The authors identified 74 studies published between 1983 and 2022 with 31,551 SCLC patients, of whom 26.7% received PCI. The studies were a mix of prospective randomized and retrospective observational studies. Patients with limited-stage disease receiving PCI had better OS, PFS, and BMFS than those not receiving PCI. Patients receiving PCI also had significantly longer OS times and developed brain metastases significantly later. However, findings regarding extensive-stage SCLC were not as promising.

CONCLUSIONS

PCI is an effective option for limited-stage SCLC patients. It improves OS and PFS, delays brain metastases, and reduces the incidence of brain metastases. However, it might not benefit patients with extensive-stage SCLC under adequate follow-up with MRI surveillance. Finally, the heterogeneity of the included studies and publication bias were the main limitations of this study.

ABBREVIATIONS

BM = brain metastasis ; BMFS = BM-free survival ; ES-SCLC = extensive-stage SCLC ; HR = hazard ratio ; LS-SCLC = limited-stage SCLC ; MD = mean difference ; OS = overall survival ; PCI = prophylactic cranial irradiation ; PFS = progression-free survival ; ROBINS-I = Risk of Bias in Non-Randomized Studies–of Interventions ; SCLC = small cell lung cancer .

OBJECTIVE

Prophylactic cranial irradiation (PCI) is a companion treatment option for small cell lung cancer (SCLC) patients.

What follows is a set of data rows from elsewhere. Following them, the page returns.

Lemma fc_le_f0 (x : R) : 0 <= x <= 2 -> fc x <= f0 x.
Proof.
move=> /andP[x0 x2]; rewrite /fc /f0 -[leRHS]mul1r ler_pM2r ?expR_gt0 //.
rewrite expr2; nra.
Qed.

Lemma fc_le_max (x : R) : 1 <= x -> fc x <= 4 * expR (- 3).
Proof.
move=> x1.
have h : (1 + (x - 3) / 2%:R) ^+ 2 <= expR (x - 3) by apply: expR_ge_pow1Dx => //; lra.
have -> : expR (- 3) = expR (x - 3) * expR (- x) by rewrite -expRD; congr expR; ring.
rewrite /fc mulrA ler_pM2r ?expR_gt0 //.
have -> : (x - 1) ^+ 2 = 4 * (1 + (x - 3) / 2%:R) ^+ 2 by field.
by rewrite ler_pM2l.
Qed.

Lemma fc_max_le1 : 4 * expR (- 3) <= 1 :> R.
Proof.
have h := expR_ge1Dx (3 : R).
rewrite expRN ler_pdivrMr ?expR_gt0 // mul1r; lra.
Qed.

Lemma fc_le1 (x : R) : 0 <= x -> fc x <= 1.
Proof.
move=> x0; have [x2|x2] := lerP x 2.
  by apply: le_trans (f0_le1 x0); rewrite fc_le_f0 // x0.
by apply: le_trans fc_max_le1; rewrite fc_le_max //; lra.
Qed.

Lemma fc_nonincreasing (x z : R) : 3 <= x -> x <= z -> fc z <= fc x.
Proof.
move=> x3 xz.
have h : (1 + (z - x) / 2%:R) ^+ 2 <= expR (z - x) by apply: expR_ge_pow1Dx => //; lra.
rewrite /fc.
have -> : expR (- x) = expR (z - x) * expR (- z) by rewrite -expRD; congr expR; ring.
rewrite mulrA ler_pM2r ?expR_gt0 //.
apply: le_trans (ler_wpM2l (sqr_ge0 _) h).
rewrite -exprMn lerXn2r ?nnegrE //; nra.
Qed.

Lemma sqr_expRN3_le_fc (a x : R) : 1 <= a -> a <= x <= 3 ->
  (a - 1) ^+ 2 * expR (- 3) <= fc x.
Proof.
move=> a1 /andP[ax x3]; rewrite /fc.
apply: ler_pM; rewrite ?sqr_ge0 ?expR_ge0 ?ler_expR //; last lra.
rewrite lerXn2r ?nnegrE //; lra.
Qed.

Lemma intRplus_f0 : intRplus (@f0 R) = 1%E.
Proof.
have dF x : is_derive x (1 : R) (fun x => - expR (- x)) (f0 x).
  by apply: is_derive_eq; rewrite /f0 /GRing.scale /=; ring.
have F0 : - expR (- x) @[x --> +oo] --> (0 : R) by rewrite -oppr0; apply: cvgN; exact: cvgr_expR.
rewrite /intRplus (ge0_integral_itv_cy_is_derive _ continuous_f0 dF F0).
  by rewrite oppr0 expR0 opprK.
by move=> x _; exact: expR_ge0.
Qed.

Lemma intRplus_fc : intRplus (@fc R) = 1%E.
Proof.
rewrite /intRplus (ge0_integral_itv_cy_is_derive _ continuous_fc is_derive_Fc cvgy_Fc).
  by rewrite Fc0 opprK.
by move=> x _; exact: fc_ge0.
Qed.

Lemma integral_itv_cc_fc_affine (c d a b : R) : a < b ->
  (\int[mu]_(x in `[a, b]) (c * fc x - d)%:E = (c * (Fc b - Fc a) - d * (b - a))%:E)%E.
Proof.
move=> ab.
have cf : continuous (fun x => c * fc x - d).
  by move=> x; apply: cvgB; [apply: cvgM; [exact: cvg_cst | exact: continuous_fc] | exact: cvg_cst].
have dF x : is_derive x (1 : R) (fun x => c * Fc x - d * x) (c * fc x - d).
  (* [Fc'] is found by instance resolution when [is_derive_eq] is applied. *)
  have Fc' := is_derive_Fc x.
  by apply: is_derive_eq; rewrite /GRing.scale /= mulr1.
by rewrite (integral_itv_cc_is_derive ab cf dF); congr (_%:E); ring.
Qed.

Lemma integral_itv_cy_fc_scale (c a : R) : 0 <= c ->
  (\int[mu]_(x in `[a, +oo[) (c * fc x)%:E = (- (c * Fc a))%:E)%E.
Proof.
move=> c0.
have cf : continuous (fun x => c * fc x).
  by move=> x; apply: cvgM; [exact: cvg_cst | exact: continuous_fc].
have dF x : is_derive x (1 : R) (fun x => c * Fc x) (c * fc x).
  by have Fc' := is_derive_Fc x; apply: is_derive_eq; rewrite /GRing.scale.
rewrite (ge0_integral_itv_cy_is_derive _ cf dF) //.
- by move=> x _; rewrite mulr_ge0 // fc_ge0.
- by rewrite -(mulr0 c); apply: cvgM; [exact: cvg_cst | exact: cvgy_Fc].
Qed.

End f0_fc.

Section pospart_fc.
Context {R : realType}.
Notation mu := (@lebesgue_measure R).

Lemma Fc_le_Nfc (x : R) : 0 <= x -> Fc x <= - fc x.
Proof. by move=> x0; rewrite /Fc /fc lerN2 ler_pM2r ?expR_gt0 //; nra. Qed.

Lemma measurable_pospart_fc (t : R) : measurable_fun setT (fun x => pospart (fc x - t)).
Proof. exact: measurable_pospart_subr (continuous_measurable_fun continuous_fc). Qed.

Lemma le_integral_itv_cc_pospart_fc (t c d a b : R) : a < b ->
  (forall x, a <= x <= b -> pospart (fc x - t) <= c * fc x - d) ->
  (\int[mu]_(x in `[a, b]) (pospart (fc x - t))%:E <=
   (c * (Fc b - Fc a) - d * (b - a))%:E)%E.
Proof.
move=> ab h; rewrite -integral_itv_cc_fc_affine //.
apply: ge0_le_integral_EFin => //.
- exact: measurable_pospart_fc.
- apply: measurable_funB => //; apply: measurable_funM => //.
  exact: continuous_measurable_fun continuous_fc.
- by move=> x _; exact: pospart_ge0.
Qed.

Lemma le_integral_itv_cy_pospart_fc (t c a : R) : 0 <= c ->
  (forall x, a <= x -> pospart (fc x - t) <= c * fc x) ->
  (\int[mu]_(x in `[a, +oo[) (pospart (fc x - t))%:E <= (- (c * Fc a))%:E)%E.
Proof.
move=> c0 h; rewrite -integral_itv_cy_fc_scale //.
apply: ge0_le_integral_EFin => //.
- exact: measurable_pospart_fc.
- by apply: measurable_funM => //; exact: continuous_measurable_fun continuous_fc.
- by move=> x _; exact: pospart_ge0.
- by move=> x; rewrite /= in_itv /= andbT; exact: h.
Qed.

Lemma integral01_pospart_fc_le (t : R) : 0 <= t <= 1 ->
  (\int[mu]_(x in `[0%R, 1%R]) (pospart (fc x - t))%:E <= ((1 - t) * (Fc 1 - Fc 0))%:E)%E.
Proof.
move=> t01; have := @le_integral_itv_cc_pospart_fc t (1 - t) 0 0 1 ltr01.
rewrite mul0r subr0; apply=> x /andP[x0 _].
rewrite subr0 -[t in 1 - t]divr1.
by apply: pospart_subr_le_scale; rewrite // fc_ge0 fc_le1.
Qed.

Lemma integral_itv_cy_pospart_fc_le (t b G : R) : 0 < G -> 0 <= t <= G ->
  (forall x, b <= x -> fc x <= G) ->
  (\int[mu]_(x in `[b, +oo[) (pospart (fc x - t))%:E <= (- ((1 - t / G) * Fc b))%:E)%E.
Proof.
move=> G0 /andP[t0 tG] fcG; apply: le_integral_itv_cy_pospart_fc.
  by rewrite subr_ge0 ler_pdivrMr // mul1r.
by move=> x bx; apply: pospart_subr_le_scale; rewrite ?fc_ge0 ?fcG ?t0.
Qed.

Lemma intRplus_pospart_fc_le_window (t a b : R) : 0 < t -> 1 < a < b -> 3 <= b ->
  (forall x, a <= x <= b -> t <= fc x) ->
  (intRplus (fun x => pospart (fc x - t)) <= (1 - t - t * (1 + Fc 1 + (b - a)))%:E)%E.
Proof.
move=> t0 /andP[a1 ab] b3 tfc.
have tb : t <= fc b by apply: tfc; rewrite (ltW ab) lexx.
have fcb0 : 0 < fc b := lt_le_trans t0 tb.
have m := measurable_pospart_fc t.
have p0 c x : c <= x -> 0 <= pospart (fc x - t) by move=> _; exact: pospart_ge0.
rewrite /intRplus (ge0_integral_itv_cy_split ler01 m (p0 0)).
rewrite (ge0_integral_itv_cy_split (ltW a1) m (p0 1)).
rewrite (ge0_integral_itv_cy_split (ltW ab) m (p0 a)).
have I01 := integral01_pospart_fc_le (t := t).
have I1a := @le_integral_itv_cc_pospart_fc t 1 0 1 a a1.
have Iab := @le_integral_itv_cc_pospart_fc t 1 t a b ab.
have Iby := @integral_itv_cy_pospart_fc_le t b (fc b) fcb0.
apply: le_trans (leeD (I01 _) (leeD (I1a _) (leeD (Iab _) (Iby _ _)))) _.
- by rewrite ltW //= (le_trans tb) ?fc_le1 //; lra.
- by move=> x _; rewrite mul1r subr0 pospart_le ?fc_ge0 // lerBlDr lerDl ltW.
- by move=> x /tfc tx; rewrite mul1r ge0_pospart // subr_ge0.
- by rewrite ltW.
- by move=> x bx; apply: fc_nonincreasing.
have : t / fc b * Fc b <= - t.
  have b0 : 0 <= b by lra.
  have := Fc_le_Nfc b0.
  by rewrite mulrAC ler_pdivrMr //; nra.
rewrite -!EFinD lee_fin Fc0; lra.
Qed.

Lemma intRplus_pospart_fc_le_max (t : R) : 0 <= t <= 4 * expR (- 3) ->
  (intRplus (fun x => pospart (fc x - t)) <=
   ((1 - t) * (Fc 1 - Fc 0) - (1 - t / (4 * expR (- 3))) * Fc 1)%:E)%E.
Proof.
move=> /andP[t0 tM].
have M0 : 0 < 4 * expR (- 3) :> R by rewrite mulr_gt0 ?expR_gt0.
rewrite /intRplus (ge0_integral_itv_cy_split ler01 (measurable_pospart_fc t)).
  rewrite EFinB; apply: leeD.
    by apply: integral01_pospart_fc_le; rewrite t0 (le_trans tM fc_max_le1).
  by apply: integral_itv_cy_pospart_fc_le; rewrite ?t0 //; exact: fc_le_max.
by move=> x _; exact: pospart_ge0.
Qed.

End pospart_fc.

Section majorization.
Context {R : realType}.
Notation mu := (@lebesgue_measure R).

Lemma intRplus_pospart_f0_ge (t : R) : 0 < t < 1 ->
  ((1 - t + t * ln t)%:E <= intRplus (fun x => pospart (f0 x - t)))%E.
Proof.
move=> /andP[t0 t1]; set L := - ln t.
have L0 : 0 < L by rewrite oppr_gt0 ln_lt0 // t0 t1.
have eL : expR (- L) = t by rewrite opprK lnK.
have dF x : is_derive x (1 : R) (fun x => - expR (- x) - t * x) (f0 x - t).
  by apply: is_derive_eq; rewrite /f0 /GRing.scale /=; ring.
have cf : continuous (fun x => f0 x - t).
  by move=> x; apply: cvgB; [exact: continuous_f0 | exact: cvg_cst].
have -> : 1 - t + t * ln t = - expR (- L) - t * L - (- expR (- 0) - t * 0).
  by rewrite eL oppr0 expR0 /L; ring.
rewrite -(integral_itv_cc_is_derive L0 cf dF) /intRplus.
have mf0 := continuous_measurable_fun (@continuous_f0 R).
apply: (le_trans (y := \int[mu]_(x in `[0%R, L]) (pospart (f0 x - t))%:E)%E).
  apply: ge0_le_integral_EFin => //.
  - exact: measurable_funB.
  - exact: measurable_pospart_subr.
  - move=> x; rewrite /= in_itv /= => /andP[x0 xL].
    by rewrite subr_ge0 -eL /f0 ler_expR lerN2.
  - by move=> x _; rewrite /pospart le_max lexx.
apply: ge0_subset_integral => //.
- by apply/measurable_EFinP/measurable_funTS; exact: measurable_pospart_subr.
- by move=> x _; rewrite lee_fin pospart_ge0.
- by apply: subset_itvl; rewrite bnd_simp.
Qed.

However, its efficacy and associated risk factors have not been clearly defined. In this study, the authors aimed to systematically assess the effectiveness and role of PCI in the treatment plan of SCLC.

开云体育世界杯赔率

The PubMed, Scopus, Web of Science, and Cochrane databases were searched using the following key terms and their equivalents: "brain," "radiotherapy," "metastases," "prophylactic," and "small cell lung cancer." Studies comparing overall survival (OS), progression-free survival (PFS), brain metastasis–free survival (BMFS), and incidence of brain metastases between patients receiving PCI and those not receiving it were considered eligible. Risk of bias was assessed using the Risk of Bias in Non-Randomized Studies–of Interventions (ROBINS-I) tool. Meta-analysis was conducted on the mentioned outcomes with subgrouping based on different factors.

RESULTS

The authors identified 74 studies published between 1983 and 2022 with 31,551 SCLC patients, of whom 26.7% received PCI. The studies were a mix of prospective randomized and retrospective observational studies. Patients with limited-stage disease receiving PCI had better OS, PFS, and BMFS than those not receiving PCI. Patients receiving PCI also had significantly longer OS times and developed brain metastases significantly later. However, findings regarding extensive-stage SCLC were not as promising.

CONCLUSIONS

PCI is an effective option for limited-stage SCLC patients. It improves OS and PFS, delays brain metastases, and reduces the incidence of brain metastases. However, it might not benefit patients with extensive-stage SCLC under adequate follow-up with MRI surveillance. Finally, the heterogeneity of the included studies and publication bias were the main limitations of this study.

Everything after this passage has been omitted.